I love getting up on time. I love to seize the precious hours at the beginning of the day.
Am I a morning person for that reason? Absolutely not! I don´t wake up all by myself and most days I struggle to my feet.
Despite that I´ve made it a habit. I have made it a habit because the reasons for me are many and good and far outweigh the benefits of a sleep in.
Read what helps me get up on time here ...
1) Go to bed on time
It’s the best thing you can do. It’s also the hardest thing to do.
Watching the movie till the end, surfing the internet the whole night or finishing the novel. That´s all plain fun – until your alarm is going off in the morning.
My experience and conviction looks like this: In order to gain a „getting up-discipline“, you have to develop a „going to bed-discipline“. You can´t have both a long evening and a long morning.
I´ve set an alarm on my iPhone to remind me when it´s time to go to sleep, just like I’ve set up an alarm to remind me when it’s time to wake up.
2) Set the alarm at the same time every day
That may sound radical. It actually is.
Even on weekends?
Yes, even on weekends and my days off I try to leave the bed at the same time. This makes it easier for me to do so during the week.

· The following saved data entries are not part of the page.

(* Let $v$ be a positive integer all of whose maximal prime power factors (i.e. the prime powers $p^e$ with $p^e\mid v$, $p^{e+1}\nmid v$) are congruent to $1$ modulo $4$. Then there exists a $(3v,3,4,1)$-BRDF.
   Context: Let $G$ be a finite group written additively, $H$ a subgroup, and $k\ge2,\lambda\ge1$ integers. A $(G,H,k,\lambda)$-relative difference family (RDF) is a collection of $k$-subsets of $G$ (base blocks) such that the multiset of differences $x-y$ ($x\ne y$ in a common base block) contains every element of $G\setminus H$ exactly $\lambda$ times and no element of $H$. A $(G,H,k,\lambda)$-Banff relative difference family (BRDF) is a $(G,H,k,\lambda)$-RDF such that additionally (2) all base blocks are disjoint from $H$, and (3) the base blocks and their negatives $-B=\{-b:b\in B\}$ are pairwise disjoint. A $(g,h,k,\lambda)$-BRDF means a $(G,H,k,\lambda)$-BRDF for some group $G$ of order $g$ and subgroup $H$ of order $h$. *)

From HB Require Import structures.
From mathcomp Require Import all_boot all_order all_algebra.
Set Implicit Arguments. Unset Strict Implicit. Unset Printing Implicit Defensive.
Import GRing.Theory.
Local Open Scope ring_scope.

Definition is_subgroup (G : finZmodType) (H : {set G}) : Prop :=
  0 \in H /\ (forall x y, x \in H -> y \in H -> x - y \in H).

Definition negset (G : finZmodType) (B : {set G}) : {set G} :=
  [set - b | b in B].

Definition diff_count (G : finZmodType) (B : {set G}) (g : G) : nat :=
  #|[set p : G * G | [&& p.1 \in B, p.2 \in B, p.1 != p.2 & p.1 - p.2 == g]]|.

Definition family_diff_count (G : finZmodType) (F : seq {set G}) (g : G) : nat :=
  (\sum_(B <- F) diff_count B g)%N.

Definition RDF (G : finZmodType) (H : {set G}) (k lam : nat) (F : seq {set G}) : Prop :=
  (forall B, B \in F -> #|B| = k) /\
  (forall g : G, g \notin H -> family_diff_count F g = lam) /\
  (forall g : G, g \in H -> family_diff_count F g = 0%N).
(* Assume the setting and standing assumptions (A1), (A2) described in the context. If there exists $\Delta \in \mathcal{D}$ for which the system exhibits microphase separation, then $\Psi^+$ is initially positive, i.e. there exists $\hat\kappa>0$ such that $\Psi^+(\kappa)>0$ for all $\kappa\in(0,\hat\kappa)$.
   Context: Let $n,m\ge 1$, $B\in\mathbb{Z}^{n\times m}$, $C\in\mathbb{Z}^{m\times n}$. Given bounds $0\le \Delta_j^-\le \Delta_j^+<\infty$ ($j=1,\dots,m$), let $\mathcal{D}$ be the set of diagonal matrices $\Delta=\mathrm{diag}(\Delta_1,\dots,\Delta_m)$ with $\Delta_j^-\le\Delta_j\le\Delta_j^+$ for all $j$. Let $J_2,J_4\in\mathbb{R}^{n\times n}$ be symmetric. Standing assumptions: (A1) for every $\Delta\in\mathcal{D}$, the matrix $B\Delta C$ is singular and has $n-1$ eigenvalues (counted with multiplicity) with negative real part (so $0$ is a simple eigenvalue), and there is a nonzero vector $v\ge 0$ with $v^\top B=0$; (A2) $J_2$ is indefinite, $J_4$ is negative semidefinite, and there exists $\bar\kappa$ such that $\bar\kappa^2 J_2+\bar\kappa^4 J_4$ is negative definite. For real $\kappa\ge 0$ and $\Delta\in\mathcal{D}$ set $J(\Delta,\kappa)=B\Delta C+\kappa^2 J_2+\kappa^4 J_4$ and let $\rho(\Delta,\kappa)$ be its spectral abscissa (the maximum real part of its eigenvalues). Define $\Psi^-(\kappa)=\min_{\Delta\in\mathcal{D}}\det[-J(\Delta,\kappa)]$ and $\Psi^+(\kappa)=\max_{\Delta\in\mathcal{D}}\det[-J(\Delta,\kappa)]$. A continuous function $f$ on $[0,\infty)$ is initially positive (resp. negative) if there is $\hat\kappa>0$ with $f>0$ (resp. $f<0$) on $(0,\hat\kappa)$; it has a negative sign change if $f(\kappa_1)>0>f(\kappa_2)$ for some $\kappa_1<\kappa_2$, and a positive sign change if $f(\kappa_1)<0<f(\kappa_2)$ for some $\kappa_1<\kappa_2$. For a given $\Delta\in\mathcal{D}$, the system exhibits microphase separation (MS) if there exists $\hat\kappa>0$ with $\rho(\Delta,\kappa)<0$ for all $\kappa\in(0,\hat\kappa)$, and there exist $\hat\kappa<\kappa_1<\kappa_2$ with $\rho(\Delta,\kappa_1)>0$ and $\rho(\Delta,\kappa_2)<0$. The system exhibits robust MS if it exhibits MS for every $\Delta\in\mathcal{D}$. *)

From HB Require Import structures.
From mathcomp Require Import all_boot all_order all_algebra.
From mathcomp Require Import complex.
From mathcomp Require Import classical_sets reals.
Set Implicit Arguments. Unset Strict Implicit. Unset Printing Implicit Defensive.
Import Order.TTheory GRing.Theory Num.Theory.
Local Open Scope ring_scope.
Local Open Scope classical_set_scope.

Section Defs.
Variable R : realType.

Definition mxZR (p q : nat) (A : 'M[int]_(p, q)) : 'M[R]_(p, q) :=
  map_mx (fun z : int => z%:~R) A.

Definition mxRC (p : nat) (A : 'M[R]_p) : 'M[R[i]]_p :=
  map_mx (fun x : R => (x%:C)%C) A.

Definition is_eigenvalue (p : nat) (A : 'M[R]_p) (z : R[i]) : Prop :=
  root (char_poly (mxRC A)) z.

(* spectral abscissa: maximum real part of the eigenvalues
   (the set is finite and nonempty for p >= 1, so sup = max) *)
Definition spectral_abscissa (p : nat) (A : 'M[R]_p) : R :=
  sup [set complex.Re z | z in is_eigenvalue A].

(* "A has exactly k eigenvalues (counted with multiplicity) with negative real part":
   s is the multiset of eigenvalues (roots of the monic char. polynomial) *)
Definition n_neg_eigs (p : nat) (A : 'M[R]_p) (k : nat) : Prop :=
  exists s : seq R[i], char_poly (mxRC A) = \prod_(z <- s) ('X - z%:P)
                       /\ count (fun z : R[i] => complex.Re z < 0) s = k.

(* Delta in D : diagonal entries d j within [lo j, hi j] *)
Definition inD (m : nat) (lo hi : 'rV[R]_m) (d : 'rV[R]_m) : Prop :=
  forall j : 'I_m, lo 0 j <= d 0 j <= hi 0 j.

Definition BDC (n m : nat) (B : 'M[int]_(n, m)) (C : 'M[int]_(m, n))
  (d : 'rV[R]_m) : 'M[R]_n := mxZR B *m diag_mx d *m mxZR C.

Definition Jmat (n m : nat) (B : 'M[int]_(n, m)) (C : 'M[int]_(m, n))
  (J2 J4 : 'M[R]_n) (d : 'rV[R]_m) (k : R) : 'M[R]_n :=
  BDC B C d + (k ^+ 2) *: J2 + (k ^+ 4) *: J4.

Definition rho (n m : nat) (B : 'M[int]_(n, m)) (C : 'M[int]_(m, n))
  (J2 J4 : 'M[R]_n) (d : 'rV[R]_m) (k : R) : R :=
  spectral_abscissa (Jmat B C J2 J4 d k).

(* Psi^+(kappa) = max over D of det(-J(Delta,kappa)); D is compact and the map is
   continuous, so the max is attained and equals the sup *)
Definition Psi_plus (n m : nat) (B : 'M[int]_(n, m)) (C : 'M[int]_(m, n))
  (J2 J4 : 'M[R]_n) (lo hi : 'rV[R]_m) (k : R) : R :=
  sup [set \det (- Jmat B C J2 J4 d k) | d in inD lo hi].

Definition qform (n : nat) (M : 'M[R]_n) (x : 'cV[R]_n) : R := (x^T *m M *m x) 0 0.

Definition indefinite (n : nat) (M : 'M[R]_n) : Prop :=
  (exists x, 0 < qform M x) /\ (exists y, qform M y < 0).
Definition neg_semidef (n : nat) (M : 'M[R]_n) : Prop := forall x, qform M x <= 0.
Definition neg_def (n : nat) (M : 'M[R]_n) : Prop := forall x, x != 0 -> qform M x < 0.

Definition A1 (n m : nat) (B : 'M[int]_(n, m)) (C : 'M[int]_(m, n))
  (lo hi : 'rV[R]_m) : Prop :=
  (forall d, inD lo hi d ->
     \det (BDC B C d) = 0 /\ n_neg_eigs (BDC B C d) n.-1)
  /\ exists v : 'cV[R]_n, v != 0 /\ (forall i, 0 <= v i 0) /\ v^T *m mxZR B = 0.

Definition A2 (n : nat) (J2 J4 : 'M[R]_n) : Prop :=
  J2^T = J2 /\ J4^T = J4 /\ indefinite J2 /\ neg_semidef J4 /\
  exists kb : R, neg_def (kb ^+ 2 *: J2 + kb ^+ 4 *: J4).

Definition MS (n m : nat) (B : 'M[int]_(n, m)) (C : 'M[int]_(m, n))
  (J2 J4 : 'M[R]_n) (d : 'rV[R]_m) : Prop :=
  exists kh : R, 0 < kh /\
    (forall k, 0 < k < kh -> rho B C J2 J4 d k < 0) /\
    exists k1 k2, kh < k1 /\ k1 < k2 /\
      0 < rho B C J2 J4 d k1 /\ rho B C J2 J4 d k2 < 0.

End Defs.

(* Microphase separation at some Delta0 makes J(Delta0, kappa) stable for all
   small kappa > 0.  The characteristic polynomial of a real matrix whose
   eigenvalues all have negative real part is monic without roots in [0, +oo),
   hence positive at 0, i.e. det(-J(Delta0, kappa)) > 0.  Since the determinant
   is bounded on the box D, Psi^+(kappa) is a genuine supremum and dominates
   det(-J(Delta0, kappa)). *)

From HB Require Import structures.
From mathcomp Require Import all_boot all_order all_algebra.
From mathcomp Require Import perm complex polyrcf.
From mathcomp Require Import classical_sets reals.
Import Order.TTheory GRing.Theory Num.Theory.
Set Implicit Arguments. Unset Strict Implicit. Unset Printing Implicit Defensive.
Local Open Scope ring_scope.
Local Open Scope complex_scope.

Lemma horner0_char_poly (R : comNzRingType) n (A : 'M[R]_n) :
  (char_poly A).[0] = \det (- A).
Proof. by rewrite horner_coef0 char_poly_det -scaleN1r detZ. Qed.

Lemma monic_noroot_horner0_gt0 (R : rcfType) (p : {poly R}) :
  p \is monic -> {in `[0, +oo[, forall x, ~~ root p x} -> 0 < p.[0].
Proof.
move=> /monicP p_monic p_noroot.
have := sgp_pinftyP p_noroot; rewrite /sgp_pinfty p_monic sgr1.
by move=> /(_ 0); rewrite in_itv /= lexx => /(_ isT) /eqP; rewrite sgr_cp0.
Qed.

Section SpectralAbscissa.
Variables (R : realType) (n : nat) (A : 'M[R]_n).

Lemma is_eigenvalue_root_char_poly (x : R) :
  root (char_poly A) x -> is_eigenvalue A x%:C.
Proof.
rewrite /is_eigenvalue /mxRC.
change (map_mx (fun x : R => x%:C) A) with (map_mx (real_complex R) A).
by rewrite -map_char_poly fmorph_root.
Qed.

Lemma spectral_abscissa_lt0_noroot :
  spectral_abscissa A < 0 -> {in `[0, +oo[, forall x, ~~ root (char_poly A) x}.
Proof.
rewrite /spectral_abscissa; set E := (X in sup X) => E_lt0 x.
rewrite in_itv andbT /= => x_ge0; apply/negP => /is_eigenvalue_root_char_poly Ex.
have [E_sup | E_nosup] := boolp.pselect (has_sup E); last first.
  by move: E_lt0; rewrite sup_out // ltxx.
have x_le_sup : x <= sup E by apply: (ub_le_sup (proj2 E_sup)); exists x%:C.
by move: (le_lt_trans x_ge0 (le_lt_trans x_le_sup E_lt0)); rewrite ltxx.
Qed.

Lemma spectral_abscissa_lt0_det_gt0 : spectral_abscissa A < 0 -> 0 < \det (- A).
Proof.
move=> /spectral_abscissa_lt0_noroot; rewrite -horner0_char_poly.
exact/monic_noroot_horner0_gt0/char_poly_monic.
Qed.

End SpectralAbscissa.

Lemma norm_det_le (R : numDomainType) n (M : 'M[R]_n) (c : 'I_n -> 'I_n -> R) :
  (forall i j, `|M i j| <= c i j) -> `|\det M| <= \sum_(s : 'S_n) \prod_i c i (s i).
Proof.
move=> M_le_c; apply: le_trans (ler_norm_sum _ _ _) _.
apply: ler_sum => s _.
rewrite normrM normrX normrN1 expr1n mul1r normr_prod.
by apply: ler_prod => i _; rewrite normr_ge0 M_le_c.
Qed.

Section PsiPlus.
Variables (R : realType) (n m : nat) (B : 'M[int]_(n, m)) (C : 'M[int]_(m, n)).
Variables (J2 J4 : 'M[R]_n) (lo hi : 'rV[R]_m).
Hypothesis lo_ge0 : forall j, 0 <= lo 0 j.

Lemma norm_BDC_le d : inD lo hi d -> forall i j,
  `|BDC B C d i j| <= \sum_l `|mxZR R B i l| * hi 0 l * `|mxZR R C l j|.
Proof.
move=> d_in i j; rewrite /BDC mul_mx_diag mxE.
apply: le_trans (ler_norm_sum _ _ _) _.
apply: ler_sum => l _; rewrite mxE !normrM.
have /andP[lo_le_d d_le_hi] := d_in l.
rewrite (ger0_norm (le_trans (lo_ge0 l) lo_le_d)).
by apply: ler_wpM2r => //; apply: ler_wpM2l.
Qed.

Lemma norm_det_Jmat_bounded k : exists M : R, forall d, inD lo hi d ->
  `|\det (- Jmat B C J2 J4 d k)| <= M.
Proof.
pose c i j := \sum_l `|mxZR R B i l| * hi 0 l * `|mxZR R C l j|
              + `|k ^+ 2| * `|J2 i j| + `|k ^+ 4| * `|J4 i j|.
exists (\sum_(s : 'S_n) \prod_i c i (s i)) => d d_in.
apply: norm_det_le => i j; rewrite mxE normrN /Jmat mxE.
apply: le_trans (ler_normD _ _) _; apply: lerD; last by rewrite mxE normrM.
rewrite mxE; apply: le_trans (ler_normD _ _) _.
apply: lerD; last by rewrite mxE normrM.
exact: norm_BDC_le.
Qed.

Lemma det_Jmat_le_Psi_plus d k : inD lo hi d ->
  \det (- Jmat B C J2 J4 d k) <= Psi_plus B C J2 J4 lo hi k.
Proof.
move=> d_in; have [M M_ub] := norm_det_Jmat_bounded k.
apply: ub_le_sup; last by exists d.
exists M => _ [d' d'_in <-].
exact: le_trans (ler_norm _) (M_ub d' d'_in).
Qed.

End PsiPlus.

Theorem theorem1 (R : realType) (n m : nat) (hn : (0 < n)%N) (hm : (0 < m)%N)
  (B : 'M[int]_(n, m)) (C : 'M[int]_(m, n)) (lo hi : 'rV[R]_m)
  (hlo : forall j, 0 <= lo 0 j) (hlohi : forall j, lo 0 j <= hi 0 j)
  (J2 J4 : 'M[R]_n)
  (hA1 : A1 B C lo hi) (hA2 : A2 J2 J4)
  (hMS : exists d, inD lo hi d /\ MS B C J2 J4 d) :
  exists kh : R, 0 < kh /\
    forall k : R, 0 < k < kh -> 0 < Psi_plus B C J2 J4 lo hi k.
Proof.
have [d [d_in [kh [kh_gt0 [rho_lt0 _]]]]] := hMS.
exists kh; split=> // k k_small.
apply: lt_le_trans (det_Jmat_le_Psi_plus B C J2 J4 hlo k d_in).
exact/spectral_abscissa_lt0_det_gt0/rho_lt0.
Qed.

Our bodies aren´t happy with a continuous change of day and night-time. Just ask someone who is doing shift work.
If you had the choice, or rather, if your body had the choice, what would it rather?
3) Raise with anticipation
I experienced real breakthrough in terms of having the energy to get up only when I started to go to the gym in the morning. Later on with writing my blog as well.
What could getting up on time make possible for you? What makes your heart beat that much that you leave your warm bed with excitement?
4) Reward yourself
For a while pressing the snooze button meant no coffee in the afternoon for me.
You don´t have to act that crazy, but why not provoke yourself a little bit? For example:
21 days of getting up on time = treat yourself with that accessory or music album or ice cream
5) Don´t cut back on sleep
Reading about all these discipline things you might think „Help, I need sleep!“. You´re right! Everyone needs sleep.
Nevertheless, everyone needs a different amount of sleep. Even though research shows that most people need about seven to nine hours per night, my suggestion is:
Experiment! Find out how much is good for you.
The fact is that deep sleep (which is also known as REM sleep, the kind of rest that restores your body) doesn´t get better for you the longer you have it. If you sleep for six or nine hours, the effect is generally the same.
Coming back to sleeping in once again: Just go to bed really early from time to time. Sleeping in is possible the other way round as well.
What do you do to get up straight away in the morning?
Please note: This isn´t only about morning hours. I haven´t mentioned a certain time in this article. Not even the word „early“. I did that on purpose.
It´s my conviction that it is healthy to have a rhythm. Yet it´s different for every person. That´s ok.